__DATA FOR THE TASK__:
--------------------

(* A rho(G)-stable Y pulls back to the U_n(H)-stable subspace Y *m B. *)
Lemma rho_irreducible (Y : 'M_d) :
  (forall p, (exists2 g, G g & p = rho g) -> stablemx Y p) ->
  \rank Y = 0%N \/ \rank Y = d.
Proof.
move=> stY; have rYB : \rank (Y *m B) = \rank Y by rewrite mxrankMfree.
rewrite -rYB; apply: rank_minimal_stable.
  by move=> g Gg; rewrite -mulmxA -rho_base // mulmxA submxMr // stY //; exists g.
by rewrite (leq_trans (mxrankM_maxl _ _)) // rank_leq_row.
Qed.

Lemma rho_commutant_scalar (X : 'M_d) :
  (forall g, G g -> X *m rho g = rho g *m X) -> exists c, X = c%:M.
Proof.
move=> XC; apply: (irreducible_commutant_scalar d_gt0 rho_irreducible).
by move=> _ [g Gg ->]; exact: XC.
Qed.

Definition psi (g : M) : R := \tr (rho g) / d%:R.

Lemma rho_radical g : K g -> rho g = (psi g)%:M.
Proof.
case=> Gg gC; have [c rhoc] : exists c, rho g = c%:M.
  by apply: rho_commutant_scalar => x Gx; rewrite -!rhoM // gC.
by rewrite /psi rhoc mxtrace_scalar -[c *+ d]mulr_natr mulfK // pnatr_eq0 -lt0n d_gt0.
Qed.

Lemma mxtrace_rho_nonradical g : G g -> ~ K g -> \tr (rho g) = 0.
Proof.
move=> Gg /not_andP [//|/existsNP [x /not_implyP [Gx gNx]]].
have [l [_ gx]] := U_n_comm Gg Gx.
apply: (mxtrace_qcomm_eq0 (rho_unit Gx)); last by rewrite -!rhoM // gx rhoZ.
by apply: contra_notN gNx => /eqP l1; rewrite /phiH_zero gx l1 scale1r.
Qed.

Lemma psiZ c g : psi (c *: g) = c * psi g.
Proof. by rewrite /psi rhoZ mxtraceZ mulrA. Qed.

Lemma psi1 : psi 1%:M = 1.
Proof. by rewrite /psi rho1 mxtrace1 divff // pnatr_eq0 -lt0n d_gt0. Qed.

Lemma psiM g g' : K g -> K g' -> psi (g *m g') = psi g * psi g'.
Proof.
move=> Kg Kg'; apply: (scalar_mx_inj d_gt0).
rewrite -(rho_radical (radical_preM Kg Kg')) (rhoM (proj1 Kg) (proj1 Kg')).
by rewrite (rho_radical Kg) (rho_radical Kg') mul_scalar_mx scale_scalar_mx.
Qed.

Lemma psi_neq0 g : K g -> psi g != 0.
Proof.
move=> Kg; apply/eqP => psi0; have := psiM Kg (radical_preV Kg).
rewrite (mulmxV (U_n_unit (proj1 Kg))) psi1 psi0 mul0r => /eqP.
by rewrite oner_eq0.
Qed.

Section Transversal.
Variable s : seq M.
Hypothesis trs : transversal G s.

Definition twirl (E : 'M_d) : 'M_d := \sum_(g <- s) rho g *m E *m rho (invmx g).

Lemma twirl_comm E x : G x -> rho x *m twirl E = twirl E *m rho x.
Proof.
move=> Gx; have [[_ Gs injs] _] := trs; have ux := U_n_unit Gx.
pose F y := rho y *m E *m rho (invmx y).
have -> : rho x *m twirl E = (\sum_(g <- s) F (x *m g)) *m rho x.
  rewrite /twirl mulmx_sumr mulmx_suml; apply: eq_big_seq => g /Gs Gg.
  rewrite /F (invmxM ux (U_n_unit Gg)) (rhoM Gx Gg) (rhoM (U_nV Gg) (U_nV Gx)).
  rewrite -(mulmxA _ (rho (invmx g) *m _)) -(mulmxA (rho (invmx g))) (rho_Vmul Gx).
  by rewrite mulmx1 (mulmxA (rho x)) (mulmxA (rho x)).
congr (_ *m _); rewrite /twirl.
apply: (sum_transversal_translate trs) => [g /Gs Gg | g1 g2 g1s g2s | c y c1 Gy].
- exact: U_nM.
- by move/(samePSL_mul2l ux)/(injs _ _ g1s g2s).
have ucy := U_n_unit (U_nZ Gy c1).
rewrite /F (invmxZ ucy) !rhoZ -!scalemxAl -scalemxAr scalerA.
by rewrite mulfV ?scale1r // root_unity_neq0.
Qed.

Lemma twirl_scalar E : twirl E = (\tr E * (size s)%:R / d%:R)%:M.
Proof.
have [[_ Gs _] _] := trs.
have [c twc] := rho_commutant_scalar (fun x Gx => esym (twirl_comm E Gx)).
have : \tr (twirl E) = \tr E * (size s)%:R.
  rewrite raddf_sum /= (eq_big_seq (fun=> \tr E)) => [|g /Gs Gg]; last first.
    by rewrite mxtrace_mulC mulmxA rho_Vmul // mul1mx.
  by rewrite big_const_seq count_predT iter_addr_0 mulr_natr.
rewrite twc mxtrace_scalar => <-.
by rewrite -[c *+ d]mulr_natr mulfK // pnatr_eq0 -lt0n d_gt0.
Qed.

(* Schur orthogonality for tr rho, read off the twirls of the matrix units. *)
Lemma sum_mxtrace_rho_pair :
  \sum_(g <- s) \tr (rho g) * \tr (rho (invmx g)) = (size s)%:R.
Proof.
have trace_pair g : \tr (rho g) * \tr (rho (invmx g)) =
    \sum_a \sum_b (rho g *m delta_mx a b *m rho (invmx g)) a b.
  rewrite mulr_suml; apply: eq_bigr => a _.
  by rewrite mulr_sumr; apply: eq_bigr => b _; rewrite mul_delta_mxE.
rewrite (eq_bigr _ (fun g _ => trace_pair g)) exchange_big /=.
rewrite (eq_bigr (fun a => \sum_b (twirl (delta_mx a b)) a b)) => [|a _]; last first.
  by rewrite exchange_big /=; apply: eq_bigr => b _; rewrite /twirl summxE.
rewrite (eq_bigr (fun=> (size s)%:R / d%:R)) => [|a _]; last first.
  rewrite (bigD1 a) //= big1 ?addr0 => [|b ba]; last first.
    by rewrite twirl_scalar mxE eq_sym (negPf ba) mulr0n.
  rewrite twirl_scalar mxE eqxx mulr1n /mxtrace (bigD1 a) //= big1 ?addr0 => [|i ia].
    by rewrite mxE !eqxx mul1r.
  by rewrite mxE (negPf ia).
by rewrite sumr_const card_ord -[_ *+ d]mulr_natr divfK // pnatr_eq0 -lt0n d_gt0.
Qed.

Definition radical_reps := [seq g <- s | `[< K g >]].
Local Notation k := (size radical_reps).

Lemma transversal_radical_reps : transversal K radical_reps.
Proof.
by apply: (transversal_filter trs) => [g [] | c g c1 /(radical_preZ g c1)].
Qed.

Lemma mxtrace_rho_radical_pair g : K g ->
  \tr (rho g) * \tr (rho (invmx g)) = (d * d)%:R.
Proof.
move=> Kg; have := rho_mulV (proj1 Kg).
rewrite (rho_radical Kg) (rho_radical (radical_preV Kg)) mul_scalar_mx scale_scalar_mx.
move/(scalar_mx_inj d_gt0) => psi_inv.
by rewrite !mxtrace_scalar mulrnAl mulrnAr psi_inv -mulrnA.
Qed.

Lemma size_transversal : size s = (k * (d * d))%N.
Proof.
have [[_ Gs _] _] := trs.
apply/eqP; rewrite -(eqr_nat R) -sum_mxtrace_rho_pair.
rewrite (bigID (fun g => `[< K g >])) /= [X in _ + X]big1_seq ?addr0 => [|g]; last first.
  by case/andP => /asboolP gNK /Gs Gg; rewrite mxtrace_rho_nonradical ?mul0r.
rewrite -big_filter (eq_big_seq (fun=> (d * d)%:R)) => [|g]; last first.
  by rewrite mem_filter => /andP [/asboolP Kg _]; exact: mxtrace_rho_radical_pair.
by rewrite big_const_seq count_predT iter_addr_0 [(k * _)%:R]natrM mulr_natl.
Qed.
Lemma a_coef_shift_bound (x0 m M u : R) (eta : Cx) (k : Z) :
  -2 < x0 < 2 -> 0 < m <= im eta -> Cnorm eta <= M -> 0 < u <= 1 ->
  Rabs (a_coef (Cadd (x0, 0) (Cscal u eta)) k) <=
  / sqrt ((4 - x0 * x0) * (m * m) / (M * M)) * exp (- (m / (2 + m)) * u) ^ Z.abs_nat k.
Proof.
intros Hx Hm HM Hu.
set (l := Cadd (x0, 0) (Cscal u eta)).
assert (Hl : im l = u * im eta) by (unfold l, Cadd, Cscal, im; simpl; ring).
assert (Hl0 : 0 < im l) by (rewrite Hl; apply Rmult_lt_0_compat; lra).
pose proof (omega_quadratic l) as Hroot.
pose proof (omega_Cnorm2_lt1 l Hl0) as Hw1.
unfold a_coef; fold l; set (w := omega l) in *.
set (v := Csub w (Cinv w)).
set (D := (4 - x0 * x0) * (m * m) / (M * M)).
assert (HDv : D <= Cnorm2 v) by exact (Cnorm2_sub_inv_lower x0 m M u eta w Hx Hm HM Hroot).
assert (HD : 0 < D).
{ unfold D; apply Rdiv_lt_0_compat; [apply Rmult_lt_0_compat|]; try nra.
  pose proof (Rabs_im_le_Cnorm eta); pose proof (Rle_abs (im eta)); nra. }
assert (Hwe : Cnorm w <= exp (- (m / (2 + m)) * u)).
{ apply le_exp_of_mul_le; [lra|exact Hu|].
  pose proof (root_Cnorm_bound l w Hroot Hl0 Hw1).
  pose proof (Cnorm_ge0 w).
  assert (u * m <= im l) by (rewrite Hl; apply Rmult_le_compat_l; lra).
  nra. }
unfold Cdiv; eapply Rle_trans; [apply Rabs_im_le_Cnorm|].
rewrite Cnorm_mul, Cnorm_pow, Cnorm_inv by lra.
rewrite Rmult_comm; apply Rmult_le_compat.
- left; apply Rinv_0_lt_compat; rewrite Cnorm_sqrt_Cnorm2; apply sqrt_lt_R0; lra.
- apply pow_le, Cnorm_ge0.
- apply Rinv_le_contravar; [apply sqrt_lt_R0; exact HD|].
  rewrite Cnorm_sqrt_Cnorm2; apply sqrt_le_1_alt; exact HDv.
- apply pow_incr; split; [apply Cnorm_ge0|exact Hwe].
Qed.

Lemma Cnorm_lt_of_components (z : Cx) (e : R) :
  Rabs (re z) < e -> Rabs (im z) < e -> Cnorm z < 2 * e.
Proof.
intros Hre Him.
pose proof (Rabs_pos (re z)); pose proof (Rabs_pos (im z)).
rewrite Cnorm_sqrt_Cnorm2, <- (sqrt_square (2 * e)) by lra.
apply sqrt_lt_1_alt; split; [apply Cnorm2_ge0|].
unfold Cnorm2.
pose proof (Rsqr_abs (re z)); pose proof (Rsqr_abs (im z)); unfold Rsqr in *.
nra.
Qed.

(* A compact subset of the open upper half-plane stays away from the real axis:
   cover [-M, M] by the discs around [(t, 0)] missing [K] and take a Lebesgue number. *)
Lemma Ccompact_im_lower_bound (K : Cx -> Prop) :
  Ccompact K -> (forall e, K e -> 0 < im e) ->
  exists m, 0 < m /\ forall e, K e -> m <= im e.
Proof.
intros [HC [M HM]] Hpos.
assert (Hsep : forall t : R, exists eps : posreal,
          forall z, Cnorm (Csub z (t, 0)) < 2 * eps -> ~ K z).
{ intros t; destruct (HC (t, 0)) as [eps [He Hball]].
  - intros Kt; specialize (Hpos _ Kt); simpl in Hpos; lra.
  - assert (He2 : 0 < eps / 2) by lra.
    exists (mkposreal _ He2); simpl; intros z Hz; apply Hball; lra. }
pose (delta t := proj1_sig (constructive_indefinite_description _ (Hsep t))).
assert (Hdelta : forall t z, Cnorm (Csub z (t, 0)) < 2 * delta t -> ~ K z)
  by (intros t; exact (proj2_sig (constructive_indefinite_description _ (Hsep t)))).
destruct (Compactness.compactness_value_1d (- M) M delta) as [d Hd].
exists d; split; [apply cond_pos|].
intros z Kz; apply Rnot_lt_le; intros Hzd.
assert (Hre : - M <= re z <= M).
{ pose proof (Rabs_re_le_Cnorm z); pose proof (HM z Kz).
  pose proof (Rle_abs (re z)); pose proof (Rle_abs (- re z)).
  rewrite Rabs_Ropp in *; lra. }
apply (Hd (re z) Hre); intros [t [_ [Ht Hdt]]].
apply (Hdelta t z); [|exact Kz].
apply Cnorm_lt_of_components; simpl; [exact Ht|].
pose proof (Hpos z Kz); rewrite Rabs_right; lra.
Qed.
Lemma dif_Xf_eq0 i z : i != ipx -> i != ipy -> dif (fun w => @Xf R w i 0) z = 0.
Proof.
move=> /negbTE ipx_i /negbTE ipy_i.
rewrite (_ : (fun w => @Xf R w i 0) = fun=> 0); last first.
  by apply/funext => w; rewrite mxE ipx_i ipy_i.
by apply/matrixP => j k; rewrite !mxE /partial derive1E derive_val.
Qed.

Lemma jacobian_Xf_mul z p q r s : Defs.jacobian (@Xf R) z *m cv4 p q r s =
  - s2^-1 *: cv4 (cx z * p + cy z * q + cpx z * r + cpy z * s)
                 (cy z * p + cx z * q + cpy z * r + cpx z * s) 0 0.
Proof.
rewrite [LHS]cv4_eta !mulmx_cv4 !mxE !partialE dif_Xf_px dif_Xf_py.
rewrite !dif_Xf_eq0 ?coord_eqE //.
by rewrite !scale_cv4 !cv4E !mxE; congr cv4; ring.
Qed.

Lemma tr_jacobian_Xf_mul z p q r s : (Defs.jacobian (@Xf R) z)^T *m cv4 p q r s =
  - s2^-1 *: cv4 (cx z * p + cy z * q) (cy z * p + cx z * q)
                 (cpx z * p + cpy z * q) (cpy z * p + cpx z * q).
Proof.
rewrite [LHS]cv4_eta !mulmx_cv4 !mxE !partialE dif_Xf_px dif_Xf_py.
rewrite !dif_Xf_eq0 ?coord_eqE //.
by rewrite !scale_cv4 !cv4E !mxE; congr cv4; ring.
Qed.

Lemma Nstar_cv4 z p q r s : Nstar z *m cv4 p q r s =
  s2^-1 *: cv4 (cx z * p + cy z * q) (cy z * p + cx z * q)
               (cx z * r + cy z * s) (cy z * r + cx z * s).
Proof.
rewrite /Nstar invmx_P0 /P1 mulNmx mulmxN opprK -mulmxA mulmxDl -!mulmxA.
rewrite P0_cv4 jacobian_Xf_mul tr_jacobian_Xf_mul !scale_cv4 mulmxDr !P0_cv4.
by rewrite add_cv4; congr cv4; ring.
Qed.

Lemma Nstar_dHSK (a w : R) z :
  Nstar z *m dif (HSK a w) z
    = (cx z / s2) *: dif (HSK a w) z + (cy z / s2) *: dif (FSK a w) z.
Proof. by rewrite dif_HSK dif_FSK Nstar_cv4 !scale_cv4 add_cv4; congr cv4; ring. Qed.

Lemma Nstar_dFSK (a w : R) z :
  Nstar z *m dif (FSK a w) z
    = (cy z / s2) *: dif (HSK a w) z + (cx z / s2) *: dif (FSK a w) z.
Proof. by rewrite dif_HSK dif_FSK Nstar_cv4 !scale_cv4 add_cv4; congr cv4; ring. Qed.

Lemma char_poly_sym2 (S : comNzRingType) (p q : S) :
  char_poly (\matrix_(i, j) (if i == j then p else q) : 'M[S]_2)
    = ('X - (p + q)%:P) * ('X - (p - q)%:P).
Proof.
rewrite /char_poly (expand_det_row _ ord0) big_ord_recl big_ord1.
rewrite /cofactor !det_mx11 !mxE /=.
by rewrite /bump /= expr0 expr1 mulr1n mulr0n polyCD polyCB; ring.
Qed.

Lemma char_poly_control_matrix z :
  char_poly (control_matrix z) = ('X - (u1 z)%:P) * ('X - (u2 z)%:P).
Proof.
have -> : u1 z = cx z / s2 + cy z / s2 by rewrite /u1 mulrDl.
have -> : u2 z = cx z / s2 - cy z / s2 by rewrite /u2 mulrBl.
exact: char_poly_sym2.
Qed.

Lemma liouville_form_uv z :
  cpx z *: dif (@cx R) z + cpy z *: dif (@cy R) z
    = v1 z *: dif (@u1 R) z + v2 z *: dif (@u2 R) z.
Proof.
rewrite dif_cx dif_cy dif_u1 dif_u2 !scale_cv4 !add_cv4 /v1 /v2 !mul_div_s2.
by rewrite !mulr0; congr cv4; field.
Qed.

Lemma HSK_FSK_split (a w : R) z :
  HSK a w z = Hi a w (u1 z) (v1 z) + Hi a w (u2 z) (v2 z) /\
  FSK a w z = Hi a w (u1 z) (v1 z) - Hi a w (u2 z) (v2 z).
Proof.
rewrite /HSK /FSK /Hi /u1 /u2 /v1 /v2 !sqr_div_s2 !cube_div_s2.
by split; field; exact: s2_neq0.
Qed.

Definition hamiltonian_trajectory (H : 'cV[R]_4 -> R) (gamma : R -> 'cV[R]_4) :=
  forall (i : 'I_4) (t : R),
    derivable (fun s => gamma s i 0) t 1 /\
    derive1 (fun s => gamma s i 0) t = (P0 *m dif H (gamma t)) i 0.

Lemma hamiltonian_trajectory_is_derive H gamma (i : 'I_4) (t : R) :
  hamiltonian_trajectory H gamma ->
  is_derive t 1 (fun s => gamma s i 0) ((P0 *m dif H (gamma t)) i 0).
Proof. by move=> /(_ i t) [gamma_i <-]; rewrite derive1E; exact: derivableP. Qed.

Lemma is_derive_second_order (U V : R -> R) (t g : R) :
  (forall s : R, is_derive s 1 U (V s)) -> is_derive t 1 V g ->
  [/\ derivable U t 1, derivable (derive1 U) t 1 & derive1 (derive1 U) t = g].
Proof.
move=> dU dV; have -> : derive1 U = V by apply/funext => s; rewrite derive1E derive_val.
by split; [exact: ex_derive | exact: ex_derive | rewrite derive1E derive_val].
Qed.

Lemma P0_dif_HSK (a w : R) z : P0 *m dif (HSK a w) z =
  cv4 (- (w * cx z + a * cx z ^+ 2 + a * cy z ^+ 2))
      (- (w * cy z + 2 * a * cx z * cy z)) (cpx z) (cpy z).
Proof. by rewrite dif_HSK P0_cv4. Qed.

Lemma normal_mode_equation (a w e : R) gamma (U : R -> R) :
  e ^+ 2 = 1 -> hamiltonian_trajectory (HSK a w) gamma ->
  (forall s, U s = (cx (gamma s) + e * cy (gamma s)) / s2) ->
  forall t : R, derivable U t 1 /\ derivable (derive1 U) t 1 /\
    derive1 (derive1 U) t + w * U t + s2 * a * U t ^+ 2 = 0.
Proof.
move=> e_sqr traj U_gamma t.
have flow i s := hamiltonian_trajectory_is_derive i s traj.
(* dx, dy, dpx, dpy are consumed by instance resolution in [is_derive_eq]. *)
have dx (s : R) : is_derive s 1 (fun r => cx (gamma r)) (cpx (gamma s)).
  by have := flow ix s; rewrite P0_dif_HSK cv4E.
have dy (s : R) : is_derive s 1 (fun r => cy (gamma r)) (cpy (gamma s)).
  by have := flow iy s; rewrite P0_dif_HSK cv4E.
have dpx (s : R) : is_derive s 1 (fun r => cpx (gamma r))
    (- (w * cx (gamma s) + a * cx (gamma s) ^+ 2 + a * cy (gamma s) ^+ 2)).
  by have := flow ipx s; rewrite P0_dif_HSK cv4E.
have dpy (s : R) : is_derive s 1 (fun r => cpy (gamma r))
    (- (w * cy (gamma s) + 2 * a * cx (gamma s) * cy (gamma s))).
  by have := flow ipy s; rewrite P0_dif_HSK cv4E.
have dU (s : R) : is_derive s 1 U ((cpx (gamma s) + e * cpy (gamma s)) / s2).
  by rewrite (funext U_gamma); apply: is_derive_eq; rewrite /GRing.scale /=; ring.
have dV : is_derive t 1 (fun s => (cpx (gamma s) + e * cpy (gamma s)) / s2)
    ((- (w * cx (gamma t) + a * cx (gamma t) ^+ 2 + a * cy (gamma t) ^+ 2)
      - e * (w * cy (gamma t) + 2 * a * cx (gamma t) * cy (gamma t))) / s2).
  by apply: is_derive_eq; rewrite /GRing.scale /=; ring.
have [dU_t dV_t ->] := is_derive_second_order dU dV.
split=> //; split=> //; rewrite U_gamma.
have /orP[/eqP-> | /eqP->] : (e == 1) || (e == -1) by rewrite -sqrf_eq1 e_sqr.
  by field; exact: s2_neq0.
by field; exact: s2_neq0.
Qed.

End SK.

Theorem mainTheorem4 (R : realType) (a w : R) :
  (* N^* dH = x/sqrt2 dH + y/sqrt2 dF,  N^* dF = y/sqrt2 dH + x/sqrt2 dF *)
  (forall z : 'cV[R]_4,
     Nstar z *m dif (HSK a w) z
       = (cx z / s2) *: dif (HSK a w) z + (cy z / s2) *: dif (FSK a w) z /\
     Nstar z *m dif (FSK a w) z
       = (cy z / s2) *: dif (HSK a w) z + (cx z / s2) *: dif (FSK a w) z) /\
  (* eigenvalues of the control matrix are u1, u2 *)
  (forall z : 'cV[R]_4,
     char_poly (control_matrix z) = ('X - (u1 z)%:P) * ('X - (u2 z)%:P)) /\
  (* p_x dx + p_y dy = v1 du1 + v2 du2 *)
  (forall z : 'cV[R]_4,
     cpx z *: dif (@cx R) z + cpy z *: dif (@cy R) z
       = v1 z *: dif (@u1 R) z + v2 z *: dif (@u2 R) z) /\
  (* H = H1 + H2, F = H1 - H2 *)
  (forall z : 'cV[R]_4,
     HSK a w z = Hi a w (u1 z) (v1 z) + Hi a w (u2 z) (v2 z) /\
     FSK a w z = Hi a w (u1 z) (v1 z) - Hi a w (u2 z) (v2 z)) /\
  (* along any solution of Hamilton's equations dz/dt = P0 dH, the u_i
     satisfy  u_i'' + w u_i + sqrt2 a u_i^2 = 0 *)
  (forall gamma : R -> 'cV[R]_4,
     (forall (i : 'I_4) (t : R),
        derivable (fun s => gamma s i 0) t 1 /\
        derive1 (fun s => gamma s i 0) t = (P0 *m dif (HSK a w) (gamma t)) i 0) ->
     forall t : R,
       let U1 := fun s => u1 (gamma s) in
       let U2 := fun s => u2 (gamma s) in
       (derivable U1 t 1 /\ derivable (derive1 U1) t 1 /\
        derive1 (derive1 U1) t + w * U1 t + s2 * a * U1 t ^+ 2 = 0) /\
       (derivable U2 t 1 /\ derivable (derive1 U2) t 1 /\
        derive1 (derive1 U2) t + w * U2 t + s2 * a * U2 t ^+ 2 = 0)).
Proof.
split; first by move=> z; split; [exact: Nstar_dHSK | exact: Nstar_dFSK].
split; first exact: char_poly_control_matrix.
split; first exact: liouville_form_uv.
split; first exact: HSK_FSK_split.
move=> gamma traj t U1 U2; split.
- apply: (normal_mode_equation (e := 1)) traj _ _ => [|s]; first exact: expr1n.
  by rewrite /U1 /u1 mul1r.
- apply: (normal_mode_equation (e := -1)) traj _ _ => [|s]; first by rewrite sqrrN expr1n.
  by rewrite /U2 /u2 mulN1r.
Qed.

--------------------

__ACTIVITY__:
Among the entries above, the lines between the ones containing "congr (_ *m _); rewrite /twirl." and "have ucy := U_n_unit (U_nZ Gy c1).", inclusive, are to be transcribed exactly. No other line is to be given.

__ANSWER FOR THE TASK__:
congr (_ *m _); rewrite /twirl.
apply: (sum_transversal_translate trs) => [g /Gs Gg | g1 g2 g1s g2s | c y c1 Gy].
- exact: U_nM.
- by move/(samePSL_mul2l ux)/(injs _ _ g1s g2s).
have ucy := U_n_unit (U_nZ Gy c1).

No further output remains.